• WORK TASK
Copy the full listing exactly.
####
(* Let $p$ be a prime, and let $\alpha=(\ell_1,\dots,\ell_m)$ and $\tau=(k_1,\dots,k_n)$ be types with $\alpha\le\tau$. For $1\le j\le n$ let $f^\tau_\alpha(j)=\max\{i\in\{0,1,\dots,m\}\colon i=0\text{ or }\ell_i\ge k_j\}$, and let $u^\tau_\alpha=\max\{j-f^\tau_\alpha(j)\colon 1\le j\le n\}$. Then $$\min\{\mathrm{rk}(A(\tau)/N)\colon N\le A(\tau),\ \gamma(N)=\alpha\}=u^\tau_\alpha.$$
   Context: A type is a tuple of integers $(k_1,\dots,k_n)$ with $k_1\ge\cdots\ge k_n\ge1$; $A(\tau)=\prod_{i=1}^n\mathbb{Z}/p^{k_i}\mathbb{Z}$. For a finite abelian $p$-group $G$, $\gamma(G)$ is its type (the unique type $\tau$ with $G\cong A(\tau)$), and $\mathrm{rk}(G)$ is the minimal number of generators of $G$. For tuples $\eta=(\ell_1,\dots,\ell_m)$, $\tau=(k_1,\dots,k_n)$, $\eta\le\tau$ means $m\le n$ and $\ell_i\le k_i$ for all $i\le m$. *)

From mathcomp Require Import all_boot all_order all_fingroup all_solvable.
Set Implicit Arguments. Unset Strict Implicit. Unset Printing Implicit Defensive.

Definition is_type (t : seq nat) : bool := sorted geq t && all (fun k => 0 < k) t.

Definition type_le (eta tau : seq nat) : bool :=
  (size eta <= size tau) &&
  [forall i : 'I_(size eta), nth 0 eta i <= nth 0 tau i].

(* A finite abelian p-group G has type tau (gamma(G) = tau), i.e. G is
   isomorphic to A(tau) = prod_i Z/p^{k_i}: stated via the library's
   abelian_type (orders of the cyclic factors in decreasing order). *)
Definition has_type (p : nat) (gT : finGroupType) (G : {set gT}) (tau : seq nat) :=
  abelian G /\ abelian_type G = [seq p ^ k | k <- tau].

Definition rk (gT : finGroupType) (G : {set gT}) : nat :=
  \big[minn/#|G|]_(X : {set gT} | (<<X>> == G)%g) #|X|.

Definition ffun_ta (alpha tau : seq nat) (j : nat) : nat :=
  \max_(i < (size alpha).+1 | (val i == 0%N) || (nth 0 tau j.-1 <= nth 0 alpha i.-1)) i.

(* u^tau_alpha = max { j - f(j) : 1 <= j <= n } (the true maximum is >= n - m >= 0,
   so truncated subtraction does not change its value). *)
Definition u_ta (alpha tau : seq nat) : nat :=
  \max_(1 <= j < (size tau).+1) (j - ffun_ta alpha tau j).

From mathcomp Require Import all_boot all_order all_fingroup all_solvable.
From mathcomp Require Import zify.
Set Implicit Arguments. Unset Strict Implicit. Unset Printing Implicit Defensive.
Import GroupScope.

(* Lower bound: for s = k_j - 1 the p^s-th power map sends G/N onto
   Mho^s(G)/Mho^s(N), whose p-rank is at least #{i | k_i >= k_j} - #{i | l_i >= k_j},
   i.e. at least j - f(j).
   Upper bound: write G = <b_1> x ... x <b_n> with #[b_j] = p^(k_j) and let N be
   generated by the y_i = b_i^(p^(k_i - l_i)) b_(u+i). Since #[b_(u+i)] <= p^(l_i), the
   y_i generate a direct product of cyclic groups of orders p^(l_i) (the matrix of
   exponents is triangular), and modulo N each b_j with j > u is a power of b_(j-u),
   so the images of b_1, ..., b_u generate G/N. *)

Lemma bigminn_le_seq (I : eqType) (r : seq I) (P : pred I) (F : I -> nat) x i0 :
  i0 \in r -> P i0 -> \big[minn/x]_(i <- r | P i) F i <= F i0.
Proof.
elim: r => // h t IH; rewrite inE big_cons => /predU1P[<- Pi|it Pi].
  by rewrite Pi geq_minl.
case: ifP => _; last exact: IH.
by rewrite (leq_trans (geq_minr _ _)) ?IH.
Qed.
(* Let $\mathcal L^{(\alpha_H)}_n$ and $\mathcal L_n$ be the sum-level sets of the alternating and the classical Lüroth maps, as in the context. Then, as $n\to\infty$: (1) $\displaystyle\sum_{k=1}^n\lambda(\mathcal L_k)=\sum_{k=1}^n\lambda(\mathcal L^{(\alpha_H)}_k)\sim n\Big(\sum_{k=1}^n\frac1k\Big)^{-1}\sim\frac{n}{\log n}$; (2) $\displaystyle\lambda(\mathcal L_n)=\lambda(\mathcal L^{(\alpha_H)}_n)\sim\Big(\sum_{k=1}^n\frac1k\Big)^{-1}\sim\frac1{\log n}$.
   Context: $\lambda$ is Lebesgue measure on $\mathcal U=[0,1]$. The harmonic partition $\alpha_H=\{A_n\}$ has $A_n=(1/(n+1),1/n]$. The alternating Lüroth map is $L_{\alpha_H}(x)=-n(n+1)x+(n+1)$ for $x\in A_n$, $L_{\alpha_H}(0)=0$; its cylinders are $C(\ell_1,\dots,\ell_k)=\{x:L_{\alpha_H}^{i-1}(x)\in A_{\ell_i},\ i=1,\dots,k\}$ and $\mathcal L^{(\alpha_H)}_n$ is the union of all $C(\ell_1,\dots,\ell_k)$, $k\in\mathbb N$, with $\sum_i\ell_i=n$. The classical Lüroth map is $L(x)=n(n+1)x-n$ for $x\in[1/(n+1),1/n)$, $n\ge2$, $L(x)=2x-1$ for $x\in[1/2,1]$, $L(0)=0$; with digit intervals $B_1=[1/2,1]$, $B_n=[1/(n+1),1/n)$ for $n\ge2$, its cylinders are $\{x:L^{i-1}(x)\in B_{\ell_i},\ i=1,\dots,k\}$ and $\mathcal L_n$ is the union of those cylinders with $\sum_i\ell_i=n$. $a_n\sim b_n$ means $a_n/b_n\to1$. *)

From HB Require Import structures.
From mathcomp Require Import all_boot all_order all_algebra.
From mathcomp Require Import all_classical all_reals all_analysis.
Set Implicit Arguments. Unset Strict Implicit. Unset Printing Implicit Defensive.
Import Order.TTheory GRing.Theory Num.Theory.
Import numFieldNormedType.Exports.
Local Open Scope classical_set_scope.
Local Open Scope ring_scope.

Section Luroth.
Variable R : realType.

Definition unitI : set R := [set x | 0 <= x <= 1].

Definition harmA (n : nat) : set R :=
  [set x | (n.+1%:R)^-1 < x <= (n%:R)^-1].

(* alternating Lüroth map: for x in A_n, n = floor(1/x) *)
Definition Lalt (x : R) : R :=
  if x == 0 then 0 else
  let n : R := (Num.floor (x^-1))%:~R in
  - (n * (n + 1)) * x + (n + 1).

Definition lurB (n : nat) : set R :=
  if n == 1%N then [set x | 2^-1 <= x <= 1]
  else [set x | (n.+1%:R)^-1 <= x < (n%:R)^-1].

(* classical Lüroth map: for x in B_n (n >= 2), n = ceil(1/x) - 1 *)
Definition Lcl (x : R) : R :=
  if x == 0 then 0 else
  if 2^-1 <= x then 2 * x - 1 else
  let n : R := (Num.ceil (x^-1) - 1)%:~R in
  n * (n + 1) * x - n.

Definition cylinder (T : R -> R) (D : nat -> set R) (s : seq nat) : set R :=
  [set x | unitI x /\ forall i, (i < size s)%N -> D (nth 0%N s i) (iter i T x)].

Definition sumlevel (T : R -> R) (D : nat -> set R) (n : nat) : set R :=
  [set x | exists s : seq nat, [/\ (0 < size s)%N, all (fun l => 0 < l)%N s,
            sumn s = n & cylinder T D s x]].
####
• SOLUTION TO THIS PROBLEM
(* Let $p$ be a prime, and let $\alpha=(\ell_1,\dots,\ell_m)$ and $\tau=(k_1,\dots,k_n)$ be types with $\alpha\le\tau$. For $1\le j\le n$ let $f^\tau_\alpha(j)=\max\{i\in\{0,1,\dots,m\}\colon i=0\text{ or }\ell_i\ge k_j\}$, and let $u^\tau_\alpha=\max\{j-f^\tau_\alpha(j)\colon 1\le j\le n\}$. Then $$\min\{\mathrm{rk}(A(\tau)/N)\colon N\le A(\tau),\ \gamma(N)=\alpha\}=u^\tau_\alpha.$$
   Context: A type is a tuple of integers $(k_1,\dots,k_n)$ with $k_1\ge\cdots\ge k_n\ge1$; $A(\tau)=\prod_{i=1}^n\mathbb{Z}/p^{k_i}\mathbb{Z}$. For a finite abelian $p$-group $G$, $\gamma(G)$ is its type (the unique type $\tau$ with $G\cong A(\tau)$), and $\mathrm{rk}(G)$ is the minimal number of generators of $G$. For tuples $\eta=(\ell_1,\dots,\ell_m)$, $\tau=(k_1,\dots,k_n)$, $\eta\le\tau$ means $m\le n$ and $\ell_i\le k_i$ for all $i\le m$. *)

From mathcomp Require Import all_boot all_order all_fingroup all_solvable.
Set Implicit Arguments. Unset Strict Implicit. Unset Printing Implicit Defensive.

Definition is_type (t : seq nat) : bool := sorted geq t && all (fun k => 0 < k) t.

Definition type_le (eta tau : seq nat) : bool :=
  (size eta <= size tau) &&
  [forall i : 'I_(size eta), nth 0 eta i <= nth 0 tau i].

(* A finite abelian p-group G has type tau (gamma(G) = tau), i.e. G is
   isomorphic to A(tau) = prod_i Z/p^{k_i}: stated via the library's
   abelian_type (orders of the cyclic factors in decreasing order). *)
Definition has_type (p : nat) (gT : finGroupType) (G : {set gT}) (tau : seq nat) :=
  abelian G /\ abelian_type G = [seq p ^ k | k <- tau].

Definition rk (gT : finGroupType) (G : {set gT}) : nat :=
  \big[minn/#|G|]_(X : {set gT} | (<<X>> == G)%g) #|X|.

Definition ffun_ta (alpha tau : seq nat) (j : nat) : nat :=
  \max_(i < (size alpha).+1 | (val i == 0%N) || (nth 0 tau j.-1 <= nth 0 alpha i.-1)) i.

(* u^tau_alpha = max { j - f(j) : 1 <= j <= n } (the true maximum is >= n - m >= 0,
   so truncated subtraction does not change its value). *)
Definition u_ta (alpha tau : seq nat) : nat :=
  \max_(1 <= j < (size tau).+1) (j - ffun_ta alpha tau j).

From mathcomp Require Import all_boot all_order all_fingroup all_solvable.
From mathcomp Require Import zify.
Set Implicit Arguments. Unset Strict Implicit. Unset Printing Implicit Defensive.
Import GroupScope.

(* Lower bound: for s = k_j - 1 the p^s-th power map sends G/N onto
   Mho^s(G)/Mho^s(N), whose p-rank is at least #{i | k_i >= k_j} - #{i | l_i >= k_j},
   i.e. at least j - f(j).
   Upper bound: write G = <b_1> x ... x <b_n> with #[b_j] = p^(k_j) and let N be
   generated by the y_i = b_i^(p^(k_i - l_i)) b_(u+i). Since #[b_(u+i)] <= p^(l_i), the
   y_i generate a direct product of cyclic groups of orders p^(l_i) (the matrix of
   exponents is triangular), and modulo N each b_j with j > u is a power of b_(j-u),
   so the images of b_1, ..., b_u generate G/N. *)

Lemma bigminn_le_seq (I : eqType) (r : seq I) (P : pred I) (F : I -> nat) x i0 :
  i0 \in r -> P i0 -> \big[minn/x]_(i <- r | P i) F i <= F i0.
Proof.
elim: r => // h t IH; rewrite inE big_cons => /predU1P[<- Pi|it Pi].
  by rewrite Pi geq_minl.
case: ifP => _; last exact: IH.
by rewrite (leq_trans (geq_minr _ _)) ?IH.
Qed.
(* Let $\mathcal L^{(\alpha_H)}_n$ and $\mathcal L_n$ be the sum-level sets of the alternating and the classical Lüroth maps, as in the context. Then, as $n\to\infty$: (1) $\displaystyle\sum_{k=1}^n\lambda(\mathcal L_k)=\sum_{k=1}^n\lambda(\mathcal L^{(\alpha_H)}_k)\sim n\Big(\sum_{k=1}^n\frac1k\Big)^{-1}\sim\frac{n}{\log n}$; (2) $\displaystyle\lambda(\mathcal L_n)=\lambda(\mathcal L^{(\alpha_H)}_n)\sim\Big(\sum_{k=1}^n\frac1k\Big)^{-1}\sim\frac1{\log n}$.
   Context: $\lambda$ is Lebesgue measure on $\mathcal U=[0,1]$. The harmonic partition $\alpha_H=\{A_n\}$ has $A_n=(1/(n+1),1/n]$. The alternating Lüroth map is $L_{\alpha_H}(x)=-n(n+1)x+(n+1)$ for $x\in A_n$, $L_{\alpha_H}(0)=0$; its cylinders are $C(\ell_1,\dots,\ell_k)=\{x:L_{\alpha_H}^{i-1}(x)\in A_{\ell_i},\ i=1,\dots,k\}$ and $\mathcal L^{(\alpha_H)}_n$ is the union of all $C(\ell_1,\dots,\ell_k)$, $k\in\mathbb N$, with $\sum_i\ell_i=n$. The classical Lüroth map is $L(x)=n(n+1)x-n$ for $x\in[1/(n+1),1/n)$, $n\ge2$, $L(x)=2x-1$ for $x\in[1/2,1]$, $L(0)=0$; with digit intervals $B_1=[1/2,1]$, $B_n=[1/(n+1),1/n)$ for $n\ge2$, its cylinders are $\{x:L^{i-1}(x)\in B_{\ell_i},\ i=1,\dots,k\}$ and $\mathcal L_n$ is the union of those cylinders with $\sum_i\ell_i=n$. $a_n\sim b_n$ means $a_n/b_n\to1$. *)

From HB Require Import structures.
From mathcomp Require Import all_boot all_order all_algebra.
From mathcomp Require Import all_classical all_reals all_analysis.
Set Implicit Arguments. Unset Strict Implicit. Unset Printing Implicit Defensive.
Import Order.TTheory GRing.Theory Num.Theory.
Import numFieldNormedType.Exports.
Local Open Scope classical_set_scope.
Local Open Scope ring_scope.

Section Luroth.
Variable R : realType.

Definition unitI : set R := [set x | 0 <= x <= 1].

Definition harmA (n : nat) : set R :=
  [set x | (n.+1%:R)^-1 < x <= (n%:R)^-1].

(* alternating Lüroth map: for x in A_n, n = floor(1/x) *)
Definition Lalt (x : R) : R :=
  if x == 0 then 0 else
  let n : R := (Num.floor (x^-1))%:~R in
  - (n * (n + 1)) * x + (n + 1).

Definition lurB (n : nat) : set R :=
  if n == 1%N then [set x | 2^-1 <= x <= 1]
  else [set x | (n.+1%:R)^-1 <= x < (n%:R)^-1].

(* classical Lüroth map: for x in B_n (n >= 2), n = ceil(1/x) - 1 *)
Definition Lcl (x : R) : R :=
  if x == 0 then 0 else
  if 2^-1 <= x then 2 * x - 1 else
  let n : R := (Num.ceil (x^-1) - 1)%:~R in
  n * (n + 1) * x - n.

Definition cylinder (T : R -> R) (D : nat -> set R) (s : seq nat) : set R :=
  [set x | unitI x /\ forall i, (i < size s)%N -> D (nth 0%N s i) (iter i T x)].

Definition sumlevel (T : R -> R) (D : nat -> set R) (n : nat) : set R :=
  [set x | exists s : seq nat, [/\ (0 < size s)%N, all (fun l => 0 < l)%N s,
            sumn s = n & cylinder T D s x]].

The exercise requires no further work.